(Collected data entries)
-*-*-

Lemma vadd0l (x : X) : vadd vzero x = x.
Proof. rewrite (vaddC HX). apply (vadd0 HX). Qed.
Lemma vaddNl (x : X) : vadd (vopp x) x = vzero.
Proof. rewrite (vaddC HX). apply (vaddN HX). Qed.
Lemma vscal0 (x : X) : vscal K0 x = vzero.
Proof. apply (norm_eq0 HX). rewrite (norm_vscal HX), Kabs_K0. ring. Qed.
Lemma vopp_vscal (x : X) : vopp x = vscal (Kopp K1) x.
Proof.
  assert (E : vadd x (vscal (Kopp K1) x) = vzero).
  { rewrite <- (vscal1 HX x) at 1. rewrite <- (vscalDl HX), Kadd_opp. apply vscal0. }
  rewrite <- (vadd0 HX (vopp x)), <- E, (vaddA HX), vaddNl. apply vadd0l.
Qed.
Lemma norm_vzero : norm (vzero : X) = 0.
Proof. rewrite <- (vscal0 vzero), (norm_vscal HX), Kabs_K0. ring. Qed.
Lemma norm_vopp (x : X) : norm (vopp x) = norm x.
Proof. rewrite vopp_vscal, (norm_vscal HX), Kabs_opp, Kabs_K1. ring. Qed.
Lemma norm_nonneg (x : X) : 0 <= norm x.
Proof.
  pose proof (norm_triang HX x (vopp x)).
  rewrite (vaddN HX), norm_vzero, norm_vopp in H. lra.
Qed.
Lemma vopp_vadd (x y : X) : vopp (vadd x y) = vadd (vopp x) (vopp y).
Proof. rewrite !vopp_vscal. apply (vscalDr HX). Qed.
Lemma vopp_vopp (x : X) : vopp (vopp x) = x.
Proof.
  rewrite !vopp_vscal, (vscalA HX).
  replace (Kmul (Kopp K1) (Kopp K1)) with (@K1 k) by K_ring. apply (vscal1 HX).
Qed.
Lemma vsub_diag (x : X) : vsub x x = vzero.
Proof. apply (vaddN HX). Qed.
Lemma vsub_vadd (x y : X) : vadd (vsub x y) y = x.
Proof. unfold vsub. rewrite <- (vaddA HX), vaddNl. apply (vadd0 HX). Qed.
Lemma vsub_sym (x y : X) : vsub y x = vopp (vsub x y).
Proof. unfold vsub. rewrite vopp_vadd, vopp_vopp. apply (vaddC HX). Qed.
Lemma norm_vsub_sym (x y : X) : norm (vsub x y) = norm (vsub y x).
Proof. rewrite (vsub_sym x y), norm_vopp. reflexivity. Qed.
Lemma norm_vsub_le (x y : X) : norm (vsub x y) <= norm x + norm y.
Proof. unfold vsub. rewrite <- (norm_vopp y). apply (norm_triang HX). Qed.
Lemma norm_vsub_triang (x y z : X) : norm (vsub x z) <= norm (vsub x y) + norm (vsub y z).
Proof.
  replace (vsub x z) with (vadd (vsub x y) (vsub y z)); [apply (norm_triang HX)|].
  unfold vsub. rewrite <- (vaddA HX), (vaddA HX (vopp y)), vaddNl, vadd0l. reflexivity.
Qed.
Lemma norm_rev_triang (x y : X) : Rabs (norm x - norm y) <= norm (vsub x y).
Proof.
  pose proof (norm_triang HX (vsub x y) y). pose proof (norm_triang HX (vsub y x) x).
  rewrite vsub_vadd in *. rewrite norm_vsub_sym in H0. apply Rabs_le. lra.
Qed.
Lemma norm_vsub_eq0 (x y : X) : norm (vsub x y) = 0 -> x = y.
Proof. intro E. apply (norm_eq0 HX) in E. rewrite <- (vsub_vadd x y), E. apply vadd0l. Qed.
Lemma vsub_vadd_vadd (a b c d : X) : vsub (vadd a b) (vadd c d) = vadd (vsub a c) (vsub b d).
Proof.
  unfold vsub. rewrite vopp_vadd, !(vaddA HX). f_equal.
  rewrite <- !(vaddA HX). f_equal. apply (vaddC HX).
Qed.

-*-*-

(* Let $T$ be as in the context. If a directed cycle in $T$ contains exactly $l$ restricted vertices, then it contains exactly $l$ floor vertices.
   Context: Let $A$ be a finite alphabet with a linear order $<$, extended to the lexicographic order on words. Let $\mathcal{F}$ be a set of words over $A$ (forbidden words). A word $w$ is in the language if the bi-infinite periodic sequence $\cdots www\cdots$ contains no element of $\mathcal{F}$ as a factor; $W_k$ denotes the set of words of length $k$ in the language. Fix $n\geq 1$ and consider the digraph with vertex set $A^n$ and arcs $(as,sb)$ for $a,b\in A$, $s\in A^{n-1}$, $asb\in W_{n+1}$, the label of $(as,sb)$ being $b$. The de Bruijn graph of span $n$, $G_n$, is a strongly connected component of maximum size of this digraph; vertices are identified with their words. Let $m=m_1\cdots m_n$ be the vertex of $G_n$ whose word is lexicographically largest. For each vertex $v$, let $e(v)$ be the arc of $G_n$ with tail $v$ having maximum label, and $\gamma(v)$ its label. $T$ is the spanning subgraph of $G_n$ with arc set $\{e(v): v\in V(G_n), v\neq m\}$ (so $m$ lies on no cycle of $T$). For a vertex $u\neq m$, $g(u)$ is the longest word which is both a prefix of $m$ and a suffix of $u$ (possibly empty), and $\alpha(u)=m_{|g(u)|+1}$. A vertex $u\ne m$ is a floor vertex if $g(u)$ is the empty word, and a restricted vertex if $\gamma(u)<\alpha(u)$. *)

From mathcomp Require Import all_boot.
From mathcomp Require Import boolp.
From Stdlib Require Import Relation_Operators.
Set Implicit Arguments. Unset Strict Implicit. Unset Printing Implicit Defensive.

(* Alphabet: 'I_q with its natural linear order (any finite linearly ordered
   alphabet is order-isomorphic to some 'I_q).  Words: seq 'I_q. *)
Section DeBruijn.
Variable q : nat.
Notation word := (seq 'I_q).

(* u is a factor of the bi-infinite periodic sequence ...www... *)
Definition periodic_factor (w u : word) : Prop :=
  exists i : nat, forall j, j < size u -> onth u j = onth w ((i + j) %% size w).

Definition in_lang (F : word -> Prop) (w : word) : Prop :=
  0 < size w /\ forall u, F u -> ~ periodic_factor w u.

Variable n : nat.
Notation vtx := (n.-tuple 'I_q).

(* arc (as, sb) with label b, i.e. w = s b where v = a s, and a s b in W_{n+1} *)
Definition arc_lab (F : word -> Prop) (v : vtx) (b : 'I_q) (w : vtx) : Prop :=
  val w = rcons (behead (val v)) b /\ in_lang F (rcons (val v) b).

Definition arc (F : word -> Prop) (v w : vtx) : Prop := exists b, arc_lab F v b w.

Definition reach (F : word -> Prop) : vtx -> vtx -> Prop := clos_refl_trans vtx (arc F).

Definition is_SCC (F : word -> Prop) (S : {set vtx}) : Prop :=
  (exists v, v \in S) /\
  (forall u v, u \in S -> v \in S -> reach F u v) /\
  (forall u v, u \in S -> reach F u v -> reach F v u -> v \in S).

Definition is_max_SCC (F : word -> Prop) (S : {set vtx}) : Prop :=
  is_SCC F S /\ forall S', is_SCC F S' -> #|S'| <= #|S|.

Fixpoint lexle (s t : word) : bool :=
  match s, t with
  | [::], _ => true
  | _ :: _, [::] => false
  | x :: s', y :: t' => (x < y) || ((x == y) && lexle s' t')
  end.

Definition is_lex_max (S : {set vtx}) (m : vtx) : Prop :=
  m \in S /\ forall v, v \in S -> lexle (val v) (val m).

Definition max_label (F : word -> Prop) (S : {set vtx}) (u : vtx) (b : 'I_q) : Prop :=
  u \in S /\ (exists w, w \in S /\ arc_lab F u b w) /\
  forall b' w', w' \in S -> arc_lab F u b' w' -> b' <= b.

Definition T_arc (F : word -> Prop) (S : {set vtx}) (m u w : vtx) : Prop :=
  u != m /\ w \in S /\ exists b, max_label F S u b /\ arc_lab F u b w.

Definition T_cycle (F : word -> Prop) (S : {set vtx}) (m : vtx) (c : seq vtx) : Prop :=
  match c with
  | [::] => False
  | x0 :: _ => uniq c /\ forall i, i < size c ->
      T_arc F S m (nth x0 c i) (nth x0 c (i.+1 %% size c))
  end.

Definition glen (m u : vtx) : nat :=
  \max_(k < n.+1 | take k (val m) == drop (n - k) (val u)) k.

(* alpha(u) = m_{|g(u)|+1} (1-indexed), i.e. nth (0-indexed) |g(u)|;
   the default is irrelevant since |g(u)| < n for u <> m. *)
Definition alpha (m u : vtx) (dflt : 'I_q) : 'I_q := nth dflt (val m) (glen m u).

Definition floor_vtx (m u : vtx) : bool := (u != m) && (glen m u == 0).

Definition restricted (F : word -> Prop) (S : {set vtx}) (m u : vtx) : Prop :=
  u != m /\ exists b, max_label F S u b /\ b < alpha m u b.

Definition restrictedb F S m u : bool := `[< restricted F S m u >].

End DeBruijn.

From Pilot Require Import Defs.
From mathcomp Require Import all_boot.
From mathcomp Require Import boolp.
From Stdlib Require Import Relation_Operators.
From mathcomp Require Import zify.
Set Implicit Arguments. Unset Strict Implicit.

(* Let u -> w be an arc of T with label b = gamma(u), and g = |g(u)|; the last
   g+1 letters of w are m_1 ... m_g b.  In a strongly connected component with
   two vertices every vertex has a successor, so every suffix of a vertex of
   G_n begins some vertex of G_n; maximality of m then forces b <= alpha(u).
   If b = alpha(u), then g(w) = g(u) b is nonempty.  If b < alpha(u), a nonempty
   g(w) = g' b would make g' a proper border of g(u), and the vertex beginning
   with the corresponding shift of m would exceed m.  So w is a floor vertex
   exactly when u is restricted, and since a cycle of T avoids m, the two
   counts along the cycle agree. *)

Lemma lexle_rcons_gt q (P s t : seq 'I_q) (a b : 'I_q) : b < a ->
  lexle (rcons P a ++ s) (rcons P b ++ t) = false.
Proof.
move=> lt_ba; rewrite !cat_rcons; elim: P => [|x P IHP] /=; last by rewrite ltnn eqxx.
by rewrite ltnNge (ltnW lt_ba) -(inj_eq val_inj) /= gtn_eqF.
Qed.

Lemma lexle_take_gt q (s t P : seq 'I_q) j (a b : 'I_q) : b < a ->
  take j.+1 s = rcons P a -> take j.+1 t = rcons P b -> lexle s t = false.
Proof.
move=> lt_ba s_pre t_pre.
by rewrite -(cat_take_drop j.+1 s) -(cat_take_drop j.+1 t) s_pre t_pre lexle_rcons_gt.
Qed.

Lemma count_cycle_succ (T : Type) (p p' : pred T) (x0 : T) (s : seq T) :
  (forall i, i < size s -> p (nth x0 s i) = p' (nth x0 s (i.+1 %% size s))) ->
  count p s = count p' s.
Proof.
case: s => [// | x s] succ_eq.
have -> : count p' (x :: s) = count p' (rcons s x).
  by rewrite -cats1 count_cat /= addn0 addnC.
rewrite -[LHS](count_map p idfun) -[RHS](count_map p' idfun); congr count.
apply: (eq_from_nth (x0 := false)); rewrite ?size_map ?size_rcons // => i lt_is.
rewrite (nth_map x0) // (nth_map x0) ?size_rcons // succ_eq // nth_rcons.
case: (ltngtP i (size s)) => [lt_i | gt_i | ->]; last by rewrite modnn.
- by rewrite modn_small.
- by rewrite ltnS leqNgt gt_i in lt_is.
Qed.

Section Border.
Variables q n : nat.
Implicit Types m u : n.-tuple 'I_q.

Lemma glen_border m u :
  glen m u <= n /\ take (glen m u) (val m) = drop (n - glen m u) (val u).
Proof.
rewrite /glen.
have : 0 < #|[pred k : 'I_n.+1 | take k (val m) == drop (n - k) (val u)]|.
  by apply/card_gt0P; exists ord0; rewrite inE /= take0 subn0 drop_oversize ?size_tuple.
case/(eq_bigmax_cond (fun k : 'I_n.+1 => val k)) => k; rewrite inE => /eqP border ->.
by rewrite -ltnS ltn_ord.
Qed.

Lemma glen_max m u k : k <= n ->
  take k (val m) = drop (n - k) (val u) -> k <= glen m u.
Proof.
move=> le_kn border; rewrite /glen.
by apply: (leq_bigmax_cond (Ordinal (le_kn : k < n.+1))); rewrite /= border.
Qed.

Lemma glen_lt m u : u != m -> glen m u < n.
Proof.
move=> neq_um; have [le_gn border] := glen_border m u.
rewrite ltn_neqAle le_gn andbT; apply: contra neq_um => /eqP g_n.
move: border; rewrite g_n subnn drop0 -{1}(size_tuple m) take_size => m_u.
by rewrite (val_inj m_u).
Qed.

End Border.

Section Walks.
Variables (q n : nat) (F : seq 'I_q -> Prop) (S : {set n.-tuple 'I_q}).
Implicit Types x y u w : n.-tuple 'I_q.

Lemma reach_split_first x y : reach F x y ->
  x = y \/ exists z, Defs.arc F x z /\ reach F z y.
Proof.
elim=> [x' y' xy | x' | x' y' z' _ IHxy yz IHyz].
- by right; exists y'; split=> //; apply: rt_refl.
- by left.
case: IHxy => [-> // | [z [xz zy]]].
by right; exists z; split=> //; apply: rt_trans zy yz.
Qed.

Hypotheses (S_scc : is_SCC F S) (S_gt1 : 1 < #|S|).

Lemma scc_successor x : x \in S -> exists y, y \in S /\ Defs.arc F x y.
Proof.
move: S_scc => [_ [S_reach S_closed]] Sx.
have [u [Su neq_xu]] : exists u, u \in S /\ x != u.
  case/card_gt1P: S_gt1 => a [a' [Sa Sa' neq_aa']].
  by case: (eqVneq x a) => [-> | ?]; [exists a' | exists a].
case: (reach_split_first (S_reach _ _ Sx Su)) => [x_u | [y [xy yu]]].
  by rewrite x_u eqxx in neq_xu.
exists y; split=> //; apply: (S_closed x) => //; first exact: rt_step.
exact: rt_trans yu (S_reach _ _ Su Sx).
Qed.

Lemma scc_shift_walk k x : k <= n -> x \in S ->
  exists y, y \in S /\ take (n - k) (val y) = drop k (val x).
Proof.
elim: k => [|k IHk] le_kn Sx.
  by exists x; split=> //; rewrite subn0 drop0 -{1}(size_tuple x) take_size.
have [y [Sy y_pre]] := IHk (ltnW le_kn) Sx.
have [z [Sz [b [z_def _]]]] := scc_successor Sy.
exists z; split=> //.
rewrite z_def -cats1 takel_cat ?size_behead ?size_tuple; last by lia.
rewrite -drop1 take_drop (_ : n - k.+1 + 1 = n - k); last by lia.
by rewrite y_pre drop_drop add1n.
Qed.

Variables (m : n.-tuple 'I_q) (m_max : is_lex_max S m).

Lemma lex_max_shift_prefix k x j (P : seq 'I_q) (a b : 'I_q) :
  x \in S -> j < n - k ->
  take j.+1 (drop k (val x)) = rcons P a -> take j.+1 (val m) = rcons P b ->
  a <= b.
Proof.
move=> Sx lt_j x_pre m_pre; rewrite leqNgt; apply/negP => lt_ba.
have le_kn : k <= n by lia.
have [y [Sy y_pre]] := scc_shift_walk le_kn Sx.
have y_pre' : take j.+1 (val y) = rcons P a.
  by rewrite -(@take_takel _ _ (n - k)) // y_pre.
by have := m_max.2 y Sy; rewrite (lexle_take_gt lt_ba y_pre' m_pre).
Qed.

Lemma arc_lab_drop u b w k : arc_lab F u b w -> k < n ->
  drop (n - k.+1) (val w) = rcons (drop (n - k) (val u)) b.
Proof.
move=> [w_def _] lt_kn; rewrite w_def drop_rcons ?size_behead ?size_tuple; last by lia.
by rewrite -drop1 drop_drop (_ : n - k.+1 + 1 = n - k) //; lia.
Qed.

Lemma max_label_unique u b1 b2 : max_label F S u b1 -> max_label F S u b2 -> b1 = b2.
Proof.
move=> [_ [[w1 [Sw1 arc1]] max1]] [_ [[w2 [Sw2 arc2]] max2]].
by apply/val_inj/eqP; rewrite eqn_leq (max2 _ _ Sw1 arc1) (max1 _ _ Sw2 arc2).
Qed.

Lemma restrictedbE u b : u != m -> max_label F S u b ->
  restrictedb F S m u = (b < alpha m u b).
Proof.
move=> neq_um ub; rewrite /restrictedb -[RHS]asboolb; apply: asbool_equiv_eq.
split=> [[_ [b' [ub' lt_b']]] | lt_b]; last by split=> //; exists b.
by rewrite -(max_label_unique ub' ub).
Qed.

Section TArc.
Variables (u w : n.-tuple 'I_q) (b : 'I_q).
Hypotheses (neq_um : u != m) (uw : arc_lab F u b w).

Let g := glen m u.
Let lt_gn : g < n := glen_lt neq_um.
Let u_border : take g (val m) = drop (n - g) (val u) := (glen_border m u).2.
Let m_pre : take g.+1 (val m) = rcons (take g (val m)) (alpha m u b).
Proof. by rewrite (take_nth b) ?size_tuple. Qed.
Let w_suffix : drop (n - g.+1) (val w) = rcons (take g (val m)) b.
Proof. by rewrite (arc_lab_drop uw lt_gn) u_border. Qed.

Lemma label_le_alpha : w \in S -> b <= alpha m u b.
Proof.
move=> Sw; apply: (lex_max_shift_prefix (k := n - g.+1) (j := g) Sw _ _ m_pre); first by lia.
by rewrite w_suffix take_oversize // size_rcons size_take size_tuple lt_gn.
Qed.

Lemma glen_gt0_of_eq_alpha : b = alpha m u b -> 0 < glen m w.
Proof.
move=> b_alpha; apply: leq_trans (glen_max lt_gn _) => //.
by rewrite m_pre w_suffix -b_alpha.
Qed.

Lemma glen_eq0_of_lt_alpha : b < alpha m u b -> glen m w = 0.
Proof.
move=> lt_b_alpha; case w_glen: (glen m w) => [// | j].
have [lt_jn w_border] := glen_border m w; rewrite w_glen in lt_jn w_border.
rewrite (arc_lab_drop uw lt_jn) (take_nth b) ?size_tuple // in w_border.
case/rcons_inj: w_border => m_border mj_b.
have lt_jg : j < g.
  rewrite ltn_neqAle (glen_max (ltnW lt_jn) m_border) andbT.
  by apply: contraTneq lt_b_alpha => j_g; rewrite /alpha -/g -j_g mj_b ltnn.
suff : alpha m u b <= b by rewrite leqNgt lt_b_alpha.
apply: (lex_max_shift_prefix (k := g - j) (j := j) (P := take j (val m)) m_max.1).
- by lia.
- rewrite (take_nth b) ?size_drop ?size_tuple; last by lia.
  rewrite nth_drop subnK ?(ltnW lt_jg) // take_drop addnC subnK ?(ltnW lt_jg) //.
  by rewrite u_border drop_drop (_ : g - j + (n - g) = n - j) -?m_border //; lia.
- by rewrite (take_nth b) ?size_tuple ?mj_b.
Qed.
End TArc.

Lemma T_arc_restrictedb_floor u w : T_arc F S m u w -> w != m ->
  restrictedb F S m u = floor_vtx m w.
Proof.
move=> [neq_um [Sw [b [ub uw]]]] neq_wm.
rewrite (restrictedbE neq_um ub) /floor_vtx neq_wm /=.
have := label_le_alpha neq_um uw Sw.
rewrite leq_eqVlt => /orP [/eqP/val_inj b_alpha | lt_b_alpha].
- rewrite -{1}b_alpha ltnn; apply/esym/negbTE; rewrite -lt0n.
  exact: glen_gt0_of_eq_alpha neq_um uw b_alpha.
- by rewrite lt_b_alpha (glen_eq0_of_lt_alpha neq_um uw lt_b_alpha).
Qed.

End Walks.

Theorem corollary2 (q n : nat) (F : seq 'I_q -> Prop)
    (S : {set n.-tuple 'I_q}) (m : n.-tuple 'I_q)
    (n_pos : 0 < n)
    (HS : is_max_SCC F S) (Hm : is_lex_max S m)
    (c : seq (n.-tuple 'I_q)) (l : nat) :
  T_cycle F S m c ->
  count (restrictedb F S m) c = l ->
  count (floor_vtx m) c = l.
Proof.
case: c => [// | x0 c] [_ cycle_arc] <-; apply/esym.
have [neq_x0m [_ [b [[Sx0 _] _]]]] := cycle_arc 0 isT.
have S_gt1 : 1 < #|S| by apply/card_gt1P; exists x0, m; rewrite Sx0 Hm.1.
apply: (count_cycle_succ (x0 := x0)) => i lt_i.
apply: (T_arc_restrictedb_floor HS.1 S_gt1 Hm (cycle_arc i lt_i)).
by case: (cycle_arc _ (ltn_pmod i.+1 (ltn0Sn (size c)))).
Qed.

-*-*-

▶ _Try it_
Starting with the line with "Lemma vadd0l (x : X) : vadd vzero x = x." above and going on through the line with "Lemma vscal0 (x : X) : vscal K0 x = vzero.", transcribe every line exactly, both ends included, and add nothing.

▶ _Task answer_
Lemma vadd0l (x : X) : vadd vzero x = x.
Proof. rewrite (vaddC HX). apply (vadd0 HX). Qed.
Lemma vaddNl (x : X) : vadd (vopp x) x = vzero.
Proof. rewrite (vaddC HX). apply (vaddN HX). Qed.
Lemma vscal0 (x : X) : vscal K0 x = vzero.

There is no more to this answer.